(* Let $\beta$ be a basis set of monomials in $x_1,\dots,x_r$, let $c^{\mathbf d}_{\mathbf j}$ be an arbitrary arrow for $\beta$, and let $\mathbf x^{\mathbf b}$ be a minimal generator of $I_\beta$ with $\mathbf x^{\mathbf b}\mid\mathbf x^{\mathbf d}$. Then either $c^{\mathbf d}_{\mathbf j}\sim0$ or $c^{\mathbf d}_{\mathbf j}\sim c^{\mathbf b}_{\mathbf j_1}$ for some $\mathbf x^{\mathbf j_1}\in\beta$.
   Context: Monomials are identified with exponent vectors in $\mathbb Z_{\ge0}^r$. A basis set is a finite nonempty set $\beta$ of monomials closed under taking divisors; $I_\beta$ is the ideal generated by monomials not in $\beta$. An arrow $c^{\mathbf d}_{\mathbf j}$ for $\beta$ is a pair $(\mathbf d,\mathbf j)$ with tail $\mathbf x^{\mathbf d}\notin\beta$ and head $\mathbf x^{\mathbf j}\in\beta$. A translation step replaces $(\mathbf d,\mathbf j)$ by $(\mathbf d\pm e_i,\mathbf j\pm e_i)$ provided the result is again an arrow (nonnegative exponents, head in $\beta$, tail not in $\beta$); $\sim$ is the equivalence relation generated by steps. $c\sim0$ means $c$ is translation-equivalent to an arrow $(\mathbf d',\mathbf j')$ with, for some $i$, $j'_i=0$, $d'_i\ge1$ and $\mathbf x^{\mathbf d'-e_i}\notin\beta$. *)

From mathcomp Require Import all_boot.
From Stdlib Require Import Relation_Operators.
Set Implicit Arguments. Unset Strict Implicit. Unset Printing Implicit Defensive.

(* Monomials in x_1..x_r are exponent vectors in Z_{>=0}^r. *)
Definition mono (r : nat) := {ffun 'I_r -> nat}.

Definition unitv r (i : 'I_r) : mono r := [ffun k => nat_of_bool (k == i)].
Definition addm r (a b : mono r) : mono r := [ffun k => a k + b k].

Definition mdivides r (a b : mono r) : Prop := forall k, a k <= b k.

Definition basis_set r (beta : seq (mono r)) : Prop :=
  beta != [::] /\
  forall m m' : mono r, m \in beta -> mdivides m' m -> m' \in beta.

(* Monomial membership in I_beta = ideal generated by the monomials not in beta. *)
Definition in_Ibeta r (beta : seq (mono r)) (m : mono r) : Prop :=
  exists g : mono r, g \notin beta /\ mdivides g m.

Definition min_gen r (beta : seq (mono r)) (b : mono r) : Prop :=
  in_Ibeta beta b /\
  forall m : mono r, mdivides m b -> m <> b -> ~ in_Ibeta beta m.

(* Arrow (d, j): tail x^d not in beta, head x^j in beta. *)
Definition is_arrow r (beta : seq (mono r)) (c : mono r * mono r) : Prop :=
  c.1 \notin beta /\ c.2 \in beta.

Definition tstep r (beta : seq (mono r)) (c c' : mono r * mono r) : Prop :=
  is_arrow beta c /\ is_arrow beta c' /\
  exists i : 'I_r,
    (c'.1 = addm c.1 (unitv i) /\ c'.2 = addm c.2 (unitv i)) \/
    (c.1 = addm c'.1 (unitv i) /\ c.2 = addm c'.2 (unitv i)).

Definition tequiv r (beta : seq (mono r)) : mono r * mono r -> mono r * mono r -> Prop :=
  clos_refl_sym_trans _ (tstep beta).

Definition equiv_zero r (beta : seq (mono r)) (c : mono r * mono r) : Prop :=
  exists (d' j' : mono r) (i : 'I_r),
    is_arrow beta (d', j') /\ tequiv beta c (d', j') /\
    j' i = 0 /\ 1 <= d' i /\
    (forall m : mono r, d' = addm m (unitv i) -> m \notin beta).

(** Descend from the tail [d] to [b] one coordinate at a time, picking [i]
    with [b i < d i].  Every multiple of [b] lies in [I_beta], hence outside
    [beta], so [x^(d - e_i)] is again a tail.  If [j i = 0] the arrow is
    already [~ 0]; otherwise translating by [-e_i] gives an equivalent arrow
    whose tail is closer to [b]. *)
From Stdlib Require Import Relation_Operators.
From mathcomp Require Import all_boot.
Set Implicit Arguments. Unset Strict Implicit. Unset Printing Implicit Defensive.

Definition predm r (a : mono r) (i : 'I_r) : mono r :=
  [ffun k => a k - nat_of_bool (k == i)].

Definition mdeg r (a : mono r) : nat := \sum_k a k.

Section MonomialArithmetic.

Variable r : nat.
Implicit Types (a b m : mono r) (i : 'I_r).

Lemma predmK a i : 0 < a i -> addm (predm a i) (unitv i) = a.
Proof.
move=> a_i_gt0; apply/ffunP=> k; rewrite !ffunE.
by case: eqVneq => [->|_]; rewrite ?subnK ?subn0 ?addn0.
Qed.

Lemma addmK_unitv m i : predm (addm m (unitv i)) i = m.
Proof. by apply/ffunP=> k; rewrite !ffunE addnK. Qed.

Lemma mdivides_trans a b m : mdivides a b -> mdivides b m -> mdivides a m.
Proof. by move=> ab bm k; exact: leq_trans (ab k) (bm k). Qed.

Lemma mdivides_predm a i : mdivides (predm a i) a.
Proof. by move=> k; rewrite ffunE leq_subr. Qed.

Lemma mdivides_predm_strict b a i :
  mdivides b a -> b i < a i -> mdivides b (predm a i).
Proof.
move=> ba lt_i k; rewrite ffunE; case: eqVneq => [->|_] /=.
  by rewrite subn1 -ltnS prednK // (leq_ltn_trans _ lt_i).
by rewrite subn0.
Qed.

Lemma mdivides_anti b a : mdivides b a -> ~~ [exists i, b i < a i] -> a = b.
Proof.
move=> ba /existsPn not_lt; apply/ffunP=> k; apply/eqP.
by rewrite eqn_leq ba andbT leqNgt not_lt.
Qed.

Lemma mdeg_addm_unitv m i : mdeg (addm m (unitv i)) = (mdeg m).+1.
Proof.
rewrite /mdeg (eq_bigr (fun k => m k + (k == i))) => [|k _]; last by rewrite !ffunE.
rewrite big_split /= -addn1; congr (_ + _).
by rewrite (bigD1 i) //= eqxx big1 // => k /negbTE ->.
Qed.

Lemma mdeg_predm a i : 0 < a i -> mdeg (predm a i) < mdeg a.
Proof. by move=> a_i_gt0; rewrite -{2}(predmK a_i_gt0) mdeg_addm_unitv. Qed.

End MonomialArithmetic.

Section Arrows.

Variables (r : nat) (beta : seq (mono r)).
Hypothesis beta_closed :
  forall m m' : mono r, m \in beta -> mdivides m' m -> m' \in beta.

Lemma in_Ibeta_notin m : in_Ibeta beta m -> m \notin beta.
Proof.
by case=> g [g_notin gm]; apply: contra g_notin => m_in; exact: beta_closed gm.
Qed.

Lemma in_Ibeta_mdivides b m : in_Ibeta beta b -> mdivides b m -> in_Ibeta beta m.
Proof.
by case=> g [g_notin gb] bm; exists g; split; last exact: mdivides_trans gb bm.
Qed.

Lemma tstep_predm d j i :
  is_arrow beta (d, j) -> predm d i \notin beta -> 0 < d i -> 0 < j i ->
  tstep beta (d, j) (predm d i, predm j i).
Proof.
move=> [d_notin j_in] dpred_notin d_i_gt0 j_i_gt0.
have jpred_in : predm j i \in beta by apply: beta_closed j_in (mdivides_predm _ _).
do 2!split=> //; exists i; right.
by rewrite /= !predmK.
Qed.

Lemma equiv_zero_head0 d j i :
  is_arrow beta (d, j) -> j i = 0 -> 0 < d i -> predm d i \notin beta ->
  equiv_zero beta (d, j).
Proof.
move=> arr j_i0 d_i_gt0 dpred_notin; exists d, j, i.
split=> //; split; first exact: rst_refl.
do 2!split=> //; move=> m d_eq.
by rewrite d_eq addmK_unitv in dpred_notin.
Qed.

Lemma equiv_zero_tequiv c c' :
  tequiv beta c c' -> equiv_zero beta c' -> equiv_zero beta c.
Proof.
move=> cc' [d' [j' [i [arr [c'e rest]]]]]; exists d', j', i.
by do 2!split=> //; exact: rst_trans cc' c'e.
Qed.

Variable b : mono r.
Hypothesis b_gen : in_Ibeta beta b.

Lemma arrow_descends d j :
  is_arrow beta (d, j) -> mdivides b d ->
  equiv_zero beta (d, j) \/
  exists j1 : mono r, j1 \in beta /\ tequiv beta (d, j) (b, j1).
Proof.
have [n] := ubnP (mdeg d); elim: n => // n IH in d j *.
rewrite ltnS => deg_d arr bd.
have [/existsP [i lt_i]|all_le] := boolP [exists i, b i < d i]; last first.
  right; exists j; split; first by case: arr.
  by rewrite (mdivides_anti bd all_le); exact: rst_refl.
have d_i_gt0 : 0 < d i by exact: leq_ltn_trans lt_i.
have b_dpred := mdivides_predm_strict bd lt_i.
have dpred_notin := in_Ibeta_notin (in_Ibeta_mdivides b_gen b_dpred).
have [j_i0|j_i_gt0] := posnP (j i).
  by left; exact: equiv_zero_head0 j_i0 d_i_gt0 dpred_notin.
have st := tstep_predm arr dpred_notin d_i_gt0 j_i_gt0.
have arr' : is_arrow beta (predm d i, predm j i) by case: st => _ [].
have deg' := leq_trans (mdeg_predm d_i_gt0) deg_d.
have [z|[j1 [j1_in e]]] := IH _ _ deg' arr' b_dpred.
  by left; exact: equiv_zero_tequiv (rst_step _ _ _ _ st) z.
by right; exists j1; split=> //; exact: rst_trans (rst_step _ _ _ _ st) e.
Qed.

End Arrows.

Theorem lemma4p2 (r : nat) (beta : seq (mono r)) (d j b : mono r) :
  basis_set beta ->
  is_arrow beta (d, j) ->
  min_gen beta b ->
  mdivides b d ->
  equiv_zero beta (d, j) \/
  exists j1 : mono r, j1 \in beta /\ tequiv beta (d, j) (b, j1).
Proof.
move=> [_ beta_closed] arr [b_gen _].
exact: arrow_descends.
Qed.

□ □ □ □

## HOW TO COMPLETE THIS TASK
What number of lines in the records contain the word "left"? Answer with that number alone.

## ANSWER
2